We then pry open the eyes of those blind abstractions and participate in them and live forever.
Now, why should we want to live forever?
Well, we can't. We can through our thoughts and ideas.
It's because to be the most of what you are is to live as powerfully and deeply as humanly possible.
If you are an artist...
To explore and manifest the power of your art as much as possible as to be as great an artist as you can be.
Now, why would you want to be as great an artist as you can possibly be?
Because unconsciously we all know what we're capable of, and we will punish ourselves if we don't fulfill our greatest potential.
It's really a sin against nature who creates such power and capacity for beauty within us to reject it.

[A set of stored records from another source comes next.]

Lemma left_speed_eq0 : 0 < a -> 0 < J -> inf_value M = (1 - a)%:E ->
  left_speed M a = 0%:E.
Proof.
move=> a_gt0 J_gt0 inf_eq; apply/eqP; rewrite eq_le; apply/andP; split.
  apply/ereal_supP => _ [l /= l_lt0 <-].
  have [Ml|[r Ml _]] := ge_fin_ereal_cases (M_ge_tangent l).
    by rewrite speed_pinftyN ?leNye.
  have := inf_value_le M l; rewrite inf_eq Ml lee_fin => r_ge.
  by rewrite (speed_fin a Ml) lee_fin ler_ndivrMr // mul0r; lra.
apply/lee_subgt0Pr => e e_gt0; rewrite sub0e.
(* A point with [M l < 1 - a + d] has [l J < -a / 2], hence a speed [> d / l >= -e]. *)
pose d := Num.min (a / 2) (e * a / (2 * J)).
have d_gt0 : 0 < d by rewrite lt_min !divr_gt0 ?mulr_gt0.
have d_le : d <= a / 2 by rewrite ge_min lexx.
have dJ_le : d * (2 * J) <= e * a by rewrite -ler_pdivlMr ?mulr_gt0 // ge_min lexx orbT.
have /inf_value_lt_fin [l [r [Ml r_lt r_ge]]] : (inf_value M < (1 - a + d)%:E)%E.
  by rewrite inf_eq lte_fin; lra.
have l_lt0 : l < 0 by rewrite -(pmulr_llt0 _ J_gt0); lra.
have := inf_value_le M l; rewrite inf_eq Ml lee_fin => r_ge'.
apply: (le_trans _ (le_left_speed M a l_lt0)).
rewrite (speed_fin a Ml) lee_fin ler_ndivlMr //.
have : e * a < e * (- 2 * l * J) by rewrite ltr_pM2l //; nra.
nra.
Qed.

Hypothesis M_superlinearN : forall B, exists2 L, 0 < L &
  forall l, l <= - L -> ((1 - B * l)%:E <= M l)%E.

(* Near 0 the bound with margin [g] gives speeds below [c - g / L];
   beyond [-L] superlinear growth gives speeds below [c - 1]. *)
Lemma left_speed_lt c g : 0 < a -> 0 < g ->
  (forall l, l < 0 -> ((1 - a + c * l + g)%:E <= M l)%E) ->
  (left_speed M a < c%:E)%E.
Proof.
move=> a_gt0 g_gt0 M_ge.
have [L L_gt0 ML] := M_superlinearN (1 - c).
pose d := Num.min 1 (g / L).
have d_gt0 : 0 < d by rewrite lt_min ltr01 divr_gt0.
have d_le1 : d <= 1 by rewrite ge_min lexx.
have dL_le : d * L <= g by rewrite -ler_pdivlMr // ge_min lexx orbT.
apply: (@le_lt_trans _ _ (c - d)%:E); last by rewrite lte_fin; lra.
apply/ereal_supP => _ [l /= l_lt0 <-].
have [Ml|[r Ml r_ge]] := ge_fin_ereal_cases (M_ge l l_lt0).
  by rewrite speed_pinftyN ?leNye.
rewrite (speed_fin a Ml) lee_fin ler_ndivrMr //.
have [lL|lL] := leP l (- L); last nra.
by have := ML l lL; rewrite Ml lee_fin; nra.
Qed.

Lemma left_speed_lt_mean : 0 < a -> (left_speed M a < J%:E)%E.
Proof.
move=> a_gt0; apply: (left_speed_lt a_gt0 a_gt0) => l _.
by rewrite (_ : _ + _ = 1 + l * J) // mulrC; lra.
Qed.

Hypothesis M0 : M 0 = 1%:E.

Lemma left_speed_lt0 : 0 < a -> ((1 - a)%:E < inf_value M)%E ->
  (left_speed M a < 0%:E)%E.
Proof.
move=> a_gt0; have := inf_value_le M 0; rewrite M0.
case inf_eq: (inf_value M) => [mu| |] //= _; rewrite lte_fin => mu_gt.
apply: (@left_speed_lt 0 (mu - 1 + a) a_gt0); first by lra.
move=> l _; apply: le_trans (inf_value_le M l).
by rewrite inf_eq lee_fin mul0r; lra.
Qed.
End LeftSpeed.
(* For every sufficiently large natural number $n$, every natural number $\alpha$, and every $u \in \{0,1\}^n$ with $C(u) \geq \alpha + 12 \log n$, \[ \frac{1}{2n^{12}}\, 2^{n-\alpha} \leq d_\alpha (u) \leq n^5 \cdot 2^{n-\alpha}, \] where $d_\alpha(u) = |\{x \in \{0,1\}^n \mid C(u) - C(u \mid x) \geq \alpha\}|$.
   Context: $C(x)$ denotes the plain Kolmogorov complexity of the binary string $x$ with respect to a fixed universal Turing machine; $C(x \mid y)$ denotes the conditional plain Kolmogorov complexity of $x$ given $y$ with respect to a fixed universal conditional machine. Logarithms are base $2$. *)

From Stdlib Require Import Reals ZArith ClassicalEpsilon.
From mathcomp Require Import all_boot.

Set Implicit Arguments.
Unset Strict Implicit.
Unset Printing Implicit Defensive.

(* A model of computation: unary partial recursive functions on nat,  *)
(* with pairing (a standard Turing-complete basis).                   *)

Definition npair (a b : nat) : nat := (2 ^ a * (2 * b + 1)).-1.

Inductive prog : Type :=
| PZero : prog
| PSucc : prog
| PId   : prog
| PFst  : prog
| PSnd  : prog
| PComp : prog -> prog -> prog
| PPair : prog -> prog -> prog
| PRec  : prog -> prog -> prog
| PMin  : prog -> prog.

Inductive eval : prog -> nat -> nat -> Prop :=
| ev_zero x : eval PZero x 0
| ev_succ x : eval PSucc x x.+1
| ev_id x : eval PId x x
| ev_fst a b : eval PFst (npair a b) a
| ev_snd a b : eval PSnd (npair a b) b
| ev_comp f g x y z : eval g x y -> eval f y z -> eval (PComp f g) x z
| ev_pair f g x a b : eval f x a -> eval g x b -> eval (PPair f g) x (npair a b)
| ev_rec0 f g x v : eval f x v -> eval (PRec f g) (npair x 0) v
| ev_recS f g x n w v :
    eval (PRec f g) (npair x n) w -> eval g (npair x (npair n w)) v ->
    eval (PRec f g) (npair x n.+1) v
| ev_min f x n :
    eval f (npair x n) 0 ->
    (forall m, m < n -> exists k, eval f (npair x m) k.+1) ->
    eval (PMin f) x n.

It's not evil. It's just impractical from a happiness standpoint.
You won't be happy if you don't pursue that.
So, I mean, would you voluntarily starve yourself for the rest of your life?
Or why would you starve yourself of your potential?

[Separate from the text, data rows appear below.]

(* Let $\varphi:[0,\infty]\to[0,\infty]$ be a nonconstant continuous nondecreasing convex function such that $\int_{t_*}^{\infty}(t/\varphi(t))^{\alpha}dt<\infty$ for some $\alpha>0$ and some $t_*\in(t_0,\infty)$, where $t_0=\sup\{t:\varphi(t)=0\}$ ($t_0=0$ if $\varphi>0$ everywhere), and let $\tilde\alpha\in(\alpha,\infty)$. Then $\varphi=\psi\circ\tilde\varphi$ where $\psi,\tilde\varphi:[0,\infty]\to[0,\infty]$ are strictly convex, $\tilde\varphi\le\varphi$ on $[0,\infty]$, and $\int_{t_*}^{\infty}(t/\tilde\varphi(t))^{\tilde\alpha}dt<\infty$ for some $t_*>t_0$.
   Context: A function $g:[0,\infty]\to[0,\infty]$ is called strictly convex if it is nondecreasing, convex and $\lim_{t\to\infty}g(t)/t=\infty$. Continuity is in the topology of $[0,\infty]$. *)

From Stdlib Require Import Reals.
Open Scope R_scope.

(* Extended reals; the space [0,oo] is { p : ER | ERnonneg p }. *)
Inductive ER : Type := Fin (x : R) | Inf.

Definition ERnonneg (p : ER) : Prop :=
  match p with Fin x => 0 <= x | Inf => True end.

Definition ERle (p q : ER) : Prop :=
  match p, q with
  | _, Inf => True
  | Inf, Fin _ => False
  | Fin x, Fin y => x <= y
  end.

Definition ERadd (p q : ER) : ER :=
  match p, q with Fin x, Fin y => Fin (x + y) | _, _ => Inf end.

(* scaling by a strictly positive real *)
Definition ERscale (l : R) (p : ER) : ER :=
  match p with Fin x => Fin (l * x) | Inf => Inf end.

Definition ERcomb (l : R) (p q : ER) : ER :=
  ERadd (ERscale l p) (ERscale (1 - l) q).

(* Homeomorphism [0,oo] -> [0,1] : x |-> x/(1+x), oo |-> 1.
   Used to express the topology of [0,oo]. *)
Definition squash (p : ER) : R :=
  match p with Fin x => x / (1 + x) | Inf => 1 end.

Definition maps_nonneg (g : ER -> ER) : Prop :=
  forall p, ERnonneg p -> ERnonneg (g p).

Definition ER_continuous (g : ER -> ER) : Prop :=
  forall p, ERnonneg p -> forall eps, 0 < eps ->
    exists delta, 0 < delta /\
      forall q, ERnonneg q -> Rabs (squash q - squash p) < delta ->
        Rabs (squash (g q) - squash (g p)) < eps.

Definition ER_nondecreasing (g : ER -> ER) : Prop :=
  forall p q, ERnonneg p -> ERnonneg q -> ERle p q -> ERle (g p) (g q).

Definition ER_convex (g : ER -> ER) : Prop :=
  forall p q l, ERnonneg p -> ERnonneg q -> 0 < l < 1 ->
    ERle (g (ERcomb l p q)) (ERcomb l (g p) (g q)).

Definition ER_nonconstant (g : ER -> ER) : Prop :=
  exists p q, ERnonneg p /\ ERnonneg q /\ g p <> g q.

Definition ER_superlinear (g : ER -> ER) : Prop :=
  forall M, exists T, 0 < T /\ forall t, T <= t -> ERle (Fin (M * t)) (g (Fin t)).

(* "strictly convex" in the sense of the paper *)
Definition strictly_convex (g : ER -> ER) : Prop :=
  maps_nonneg g /\ ER_nondecreasing g /\ ER_convex g /\ ER_superlinear g.

Definition is_t0 (g : ER -> ER) (t0 : R) : Prop :=
  let Z := fun t => 0 <= t /\ g (Fin t) = Fin 0 in
  is_lub Z t0 \/ ((forall t, ~ Z t) /\ t0 = 0).

(* the integrand (t / g(t))^a, with value 0 where g(t) = oo *)
Definition ratio_pow (g : ER -> ER) (a : R) (t : R) : R :=
  match g (Fin t) with Fin y => Rpower (t / y) a | Inf => 0 end.

Definition improper_int_finite (f : R -> R) (a : R) : Prop :=
  (forall b, a <= b -> inhabited (Riemann_integrable f a b)) /\
  exists M, forall b (pr : Riemann_integrable f a b), a <= b -> RiemannInt pr <= M.

(* Let phi : [0,oo] -> [0,oo] be convex, nondecreasing, continuous and
   nonconstant with finite improper integral of (t / phi t)^alpha near oo,
   and let theta = alpha / alpha' < 1.  Writing k(m) = m for m <= 1 and
   k(m) = m^theta for m >= 1, the function phit is "the primitive of
   k(phi')": phit(t) is the infimum over partitions 0 = x_0 <= ... <= x_n = t
   of sum (x_{i+1} - x_i) k(slope of phi on [x_i, x_{i+1}]).  Since k is
   concave, refining a partition only lowers the sum, which makes phit
   convex, nondecreasing, superlinear and below phi.  The outer function psi
   is the upper envelope of the lines s |-> phi(u) + j(phi'(u-)) (s - phit u),
   where j(m) = m / k(m) is nondecreasing; the line at u passes through
   (phit u, phi u) and lies below all the other points (phit t, phi t), so
   phi = psi o phit, and psi is convex and superlinear.  Finally
   t / phit t <= 2^(1+theta) ((t/2) / phi (t/2))^theta for large t, and
   t / phit t is nonincreasing, so the integral for phit with exponent
   alpha' = alpha / theta is bounded by a dilation of the one for phi. *)

From Stdlib Require Import Reals Lra Lia Psatz ZArith List.
From Stdlib Require Import Classical ClassicalEpsilon.
From Stdlib Require Import RList.
From Coquelicot Require Coquelicot.
Open Scope R_scope.

Ltac nlra := repeat match goal with H : ?a <> ?b |- _ =>
  let H' := fresh in destruct (Rtotal_order a b) as [H'|[H'|H']];
    [|contradiction|]; clear H end; lra.

(* The least upper bound of a bounded nonempty set (and 0 otherwise). *)
Definition Rsup (E : R -> Prop) : R :=
  match excluded_middle_informative (bound E /\ exists x, E x) with
  | left H => proj1_sig (completeness E (proj1 H) (proj2 H))
  | right _ => 0
  end.

Lemma Rsup_lub E : bound E -> (exists x, E x) -> is_lub E (Rsup E).
Proof.
  intros Hb He. unfold Rsup.
  destruct (excluded_middle_informative _) as [H|H].
  - apply (proj2_sig (completeness E (proj1 H) (proj2 H))).
  - exfalso; apply H; auto.
Qed.

Lemma Rsup_ub E y : bound E -> E y -> y <= Rsup E.
Proof. intros Hb Hy. apply (Rsup_lub E Hb (ex_intro _ y Hy)). auto. Qed.

Lemma Rsup_le E m : (exists x, E x) -> (forall y, E y -> y <= m) -> Rsup E <= m.
Proof.
  intros He Hm. assert (Hb : bound E) by (exists m; exact Hm).
  apply (Rsup_lub E Hb He). exact Hm.
Qed.

Definition Rinf (E : R -> Prop) : R := - Rsup (fun y => E (- y)).

Lemma Rinf_le E m y0 : (forall y, E y -> m <= y) -> E y0 -> Rinf E <= y0.
Proof.
  intros Hm Hy. unfold Rinf.
  assert (- y0 <= Rsup (fun y => E (- y))); [|lra].
  apply Rsup_ub; [|rewrite Ropp_involutive; auto].
  exists (- m). intros y Hy'. specialize (Hm _ Hy'). lra.
Qed.

Lemma Rinf_ge E m : (exists y, E y) -> (forall y, E y -> m <= y) -> m <= Rinf E.
Proof.
  intros [y0 Hy0] Hm. unfold Rinf.
  assert (Rsup (fun y => E (- y)) <= - m); [|lra].
  apply Rsup_le; [exists (- y0); rewrite Ropp_involutive; auto|].
  intros y Hy. specialize (Hm _ Hy). lra.
Qed.

Lemma div_le_div A B d d' : 0 < d -> 0 < d' -> A * d' <= B * d -> A / d <= B / d'.
Proof.
  intros Hd Hd' H. apply (Rmult_le_reg_r (d * d')). nra.
  replace (A / d * (d * d')) with (A * d') by (field; lra).
  replace (B / d' * (d * d')) with (B * d) by (field; lra). lra.
Qed.

Lemma Rpower_pos x y : 0 < Rpower x y.
Proof. unfold Rpower; apply exp_pos. Qed.

Lemma Rpower_1_base th : Rpower 1 th = 1.
Proof. unfold Rpower. rewrite ln_1, Rmult_0_r, exp_0. auto. Qed.

Lemma Rpower_inv_base y e : 0 < y -> Rpower (/ y) e = / Rpower y e.
Proof.
  intros Hy. unfold Rpower. rewrite ln_Rinv by auto. rewrite <- exp_Ropp. f_equal. ring.
Qed.

Lemma Rpower_ge1 m e : 1 <= m -> 0 <= e -> 1 <= Rpower m e.
Proof.
  intros Hm He. pose proof (Rle_Rpower m 0 e Hm He) as H.
  rewrite Rpower_O in H by lra. exact H.
Qed.

Lemma Rpower_amgm th y : 0 < th < 1 -> 0 < y -> Rpower y th <= th * y + (1 - th).
Proof.
  intros Hth Hy. unfold Rpower. set (a := ln y).
  assert (Ey : y = exp a) by (unfold a; rewrite exp_ln; auto).
  rewrite Ey.
  assert (H1 : exp a = exp (th * a) * exp ((1 - th) * a)).
  { rewrite <- exp_plus. f_equal. ring. }
  assert (H2 : 1 = exp (th * a) * exp (- (th * a))).
  { rewrite <- exp_plus. replace (th * a + - (th * a)) with 0 by ring. rewrite exp_0; auto. }
  pose proof (exp_ineq1_le ((1 - th) * a)) as I1.
  pose proof (exp_ineq1_le (- (th * a))) as I2.
  pose proof (exp_pos (th * a)) as P.
  assert (exp (th * a) * (1 + (1 - th) * a) <= exp (th * a) * exp ((1 - th) * a))
    by (apply Rmult_le_compat_l; lra).
  assert (exp (th * a) * (1 + - (th * a)) <= exp (th * a) * exp (- (th * a)))
    by (apply Rmult_le_compat_l; lra).
  nra.
Qed.

Lemma Rpower_tangent th s x : 0 < th < 1 -> 0 < s -> 0 < x ->
  Rpower x th <= Rpower s th + th * (Rpower s th / s) * (x - s).
Proof.
  intros Hth Hs Hx.
  assert (E : Rpower x th = Rpower s th * Rpower (x / s) th).
  { rewrite Rpower_mult_distr; try (apply Rdiv_lt_0_compat; lra); auto.
    f_equal. field. lra. }
  rewrite E. pose proof (Rpower_amgm th (x / s) Hth (Rdiv_lt_0_compat _ _ Hx Hs)).
  pose proof (Rpower_pos s th).
  apply Rle_trans with (Rpower s th * (th * (x / s) + (1 - th))).
  - apply Rmult_le_compat_l; lra.
  - right. field. lra.
Qed.

Lemma squash_lt1 x : 0 <= x -> x / (1 + x) < 1.
Proof.
  intros. apply (Rmult_lt_reg_r (1 + x)); [lra|]. unfold Rdiv.
  rewrite Rmult_assoc, Rinv_l by lra. lra.
Qed.

Lemma squash_mono x y : 0 <= x -> x <= y -> x / (1 + x) <= y / (1 + y).
Proof. intros. apply div_le_div; nra. Qed.

Lemma squash_lip x y : 0 <= x -> 0 <= y ->
  Rabs (x / (1 + x) - y / (1 + y)) <= Rabs (x - y).
Proof.
  intros Hx Hy. replace (x / (1 + x) - y / (1 + y)) with ((x - y) / ((1 + x) * (1 + y)))
    by (field; lra).
  unfold Rdiv. rewrite Rabs_mult, (Rabs_right (/ _)).
  2: { left. apply Rinv_0_lt_compat. nra. }
  assert (/ ((1 + x) * (1 + y)) <= 1) by (rewrite <- Rinv_1; apply Rinv_le_contravar; nra).
  pose proof (Rabs_pos (x - y)). nra.
Qed.

Lemma subdivision_piece (l : list R) (i : nat) a b :
  ordered_Rlist l -> pos_Rl l 0 = a -> pos_Rl l (pred (length l)) = b ->
  (i < pred (length l))%nat -> a <= pos_Rl l i /\ pos_Rl l (S i) <= b.
Proof.
  intros Ho H0 H1 Hi; split.
  - rewrite <- H0; apply RList_P5; auto. apply RList_P3. exists i; split; auto; lia.
  - rewrite <- H1; apply RList_P7; auto. apply RList_P3. exists (S i); split; auto; lia.
Qed.

Definition stepfun_ext (f g : R -> R) (a b : R)
  (H : forall t, Rmin a b < t < Rmax a b -> f t = g t) (pr : IsStepFun f a b) :
  IsStepFun g a b.
Proof.
  destruct pr as [l [lf Hc]]. exists l. exists lf.
  destruct Hc as (Ho & H0 & H1 & Hl & Hk). repeat split; auto.
  intros i Hi x Hx. rewrite <- H. apply (Hk i Hi x Hx).
  destruct (subdivision_piece l i _ _ Ho H0 H1 Hi). unfold open_interval in Hx. lra.
Defined.

Lemma stepfun_ext_int f g a b H pr :
  RiemannInt_SF (mkStepFun (stepfun_ext f g a b H pr)) = RiemannInt_SF (mkStepFun pr).
Proof. destruct pr as [l [lf [Ho [H0 [H1 [Hl Hk]]]]]]. reflexivity. Qed.

Fixpoint left_step (f : R -> R) (h : R) (n : nat) (a : R) (t : R) : R :=
  match n with
  | O => f a
  | S n' => if Rlt_dec t (a + h) then f a else left_step f h n' (a + h) t
  end.

Fixpoint step_gap (f : R -> R) (h : R) (n : nat) (a : R) (t : R) : R :=
  match n with
  | O => 0
  | S n' => if Rlt_dec t (a + h) then f a - f (a + h) else step_gap f h n' (a + h) t
  end.

Lemma nonincr_step_approx (f : R -> R) (h : R) (hpos : 0 < h) (n : nat) :
  forall a b, b = a + INR n * h ->
  (forall x y, a <= x -> x <= y -> y <= b -> f y <= f x) ->
  { pr1 : IsStepFun (left_step f h n a) a b &
  { pr2 : IsStepFun (step_gap f h n a) a b |
    (forall t, a <= t <= b -> Rabs (f t - left_step f h n a t) <= step_gap f h n a t) /\
    RiemannInt_SF (mkStepFun pr2) = h * (f a - f b) } }.
Proof.
  induction n as [|n IH]; intros a b Hb Hmon.
  - simpl in Hb. replace b with a by lra.
    exists (StepFun_P4 a a (f a)). exists (StepFun_P4 a a 0). split.
    + intros t Ht. replace t with a by lra. simpl. rewrite Rminus_diag, Rabs_R0; lra.
    + etransitivity; [apply (StepFun_P18 a a 0)|]. ring.
  - rewrite S_INR in Hb.
    assert (Hb' : b = (a + h) + INR n * h) by lra.
    assert (Hnh : 0 <= INR n * h) by (apply Rmult_le_pos; [apply pos_INR|lra]).
    destruct (IH (a + h) b Hb') as [p1 [p2 [Hbd Hint]]].
    { intros x y Hx Hxy Hy. apply Hmon; lra. }
    assert (Cell1 : forall t, Rmin a (a+h) < t < Rmax a (a+h) -> t < a + h).
    { intros t. rewrite Rmin_left, Rmax_right by lra. lra. }
    assert (Cell2 : forall t, Rmin (a+h) b < t < Rmax (a+h) b -> ~ t < a + h).
    { intros t. rewrite Rmin_left, Rmax_right by lra. lra. }
    assert (E1 : forall t, Rmin a (a+h) < t < Rmax a (a+h) ->
              fct_cte (f a) t = left_step f h (S n) a t).
    { intros t Ht. simpl. destruct (Rlt_dec t (a+h)); [reflexivity|].
      exfalso; auto using Cell1. }
    assert (E2 : forall t, Rmin (a+h) b < t < Rmax (a+h) b ->
              left_step f h n (a+h) t = left_step f h (S n) a t).
    { intros t Ht. simpl. destruct (Rlt_dec t (a+h)); [|reflexivity].
      exfalso; eapply Cell2; eauto. }
    assert (F1 : forall t, Rmin a (a+h) < t < Rmax a (a+h) ->
              fct_cte (f a - f (a+h)) t = step_gap f h (S n) a t).
    { intros t Ht. simpl. destruct (Rlt_dec t (a+h)); [reflexivity|].
      exfalso; auto using Cell1. }
    assert (F2 : forall t, Rmin (a+h) b < t < Rmax (a+h) b ->
              step_gap f h n (a+h) t = step_gap f h (S n) a t).
    { intros t Ht. simpl. destruct (Rlt_dec t (a+h)); [|reflexivity].
      exfalso; eapply Cell2; eauto. }
    pose (q1 := stepfun_ext _ _ _ _ E1 (StepFun_P4 a (a+h) (f a))).
    pose (q2 := stepfun_ext _ _ _ _ E2 p1).
    pose (r1 := stepfun_ext _ _ _ _ F1 (StepFun_P4 a (a+h) (f a - f (a+h)))).
    pose (r2 := stepfun_ext _ _ _ _ F2 p2).
    exists (StepFun_P46 q1 q2). exists (StepFun_P46 r1 r2). split.
    + intros t Ht. simpl. destruct (Rlt_dec t (a+h)) as [Hlt|Hge].
      * assert (f (a+h) <= f t) by (apply Hmon; lra).
        assert (f t <= f a) by (apply Hmon; lra).
        rewrite Rabs_left1; lra.
      * apply Hbd. lra.
    + rewrite <- (StepFun_P43 r1 r2). unfold r1, r2.
      rewrite !stepfun_ext_int, StepFun_P18, Hint. ring.
Qed.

The only way we achieve our greatest potential is to participate in the concepts, in the eternal abstractions.
And that is the divine. And that is the heaven that we can achieve if you don't believe in Jesus.
That is the heaven that we can achieve in the story.
That most instruct us on how to be fully human, fully conceptual, fully eternal, to participate in that which is greatest.
The greatest minds and ideas, so the greatest ideas that we can participate in are the most universal and the most eternal.
And if you have that capacity, why would we not want to exercise it to the fullest?
And that's what Christianity encourages us to do by pursuit of the divine purpose.
And seeking for eternal life.
I am the way and the life, says Jesus.
I am the way of concepts, of eternal, and I am the life of a human being.
To unite the mind, the brain, with the concepts.
To unite and aggregate the instance into the conceptual collective.
To see a forest where there is only individual trees is to participate in In the divine to be the most fully human you can be and to self-actualize to the deepest and greatest degree that either nature or God encourages us to pursue.
Thank you everyone so much for a wonderful conversation.
A great and deep pleasure to chat with you all today.
And I really, really appreciate the opportunity to have these conversations with your brilliant souls.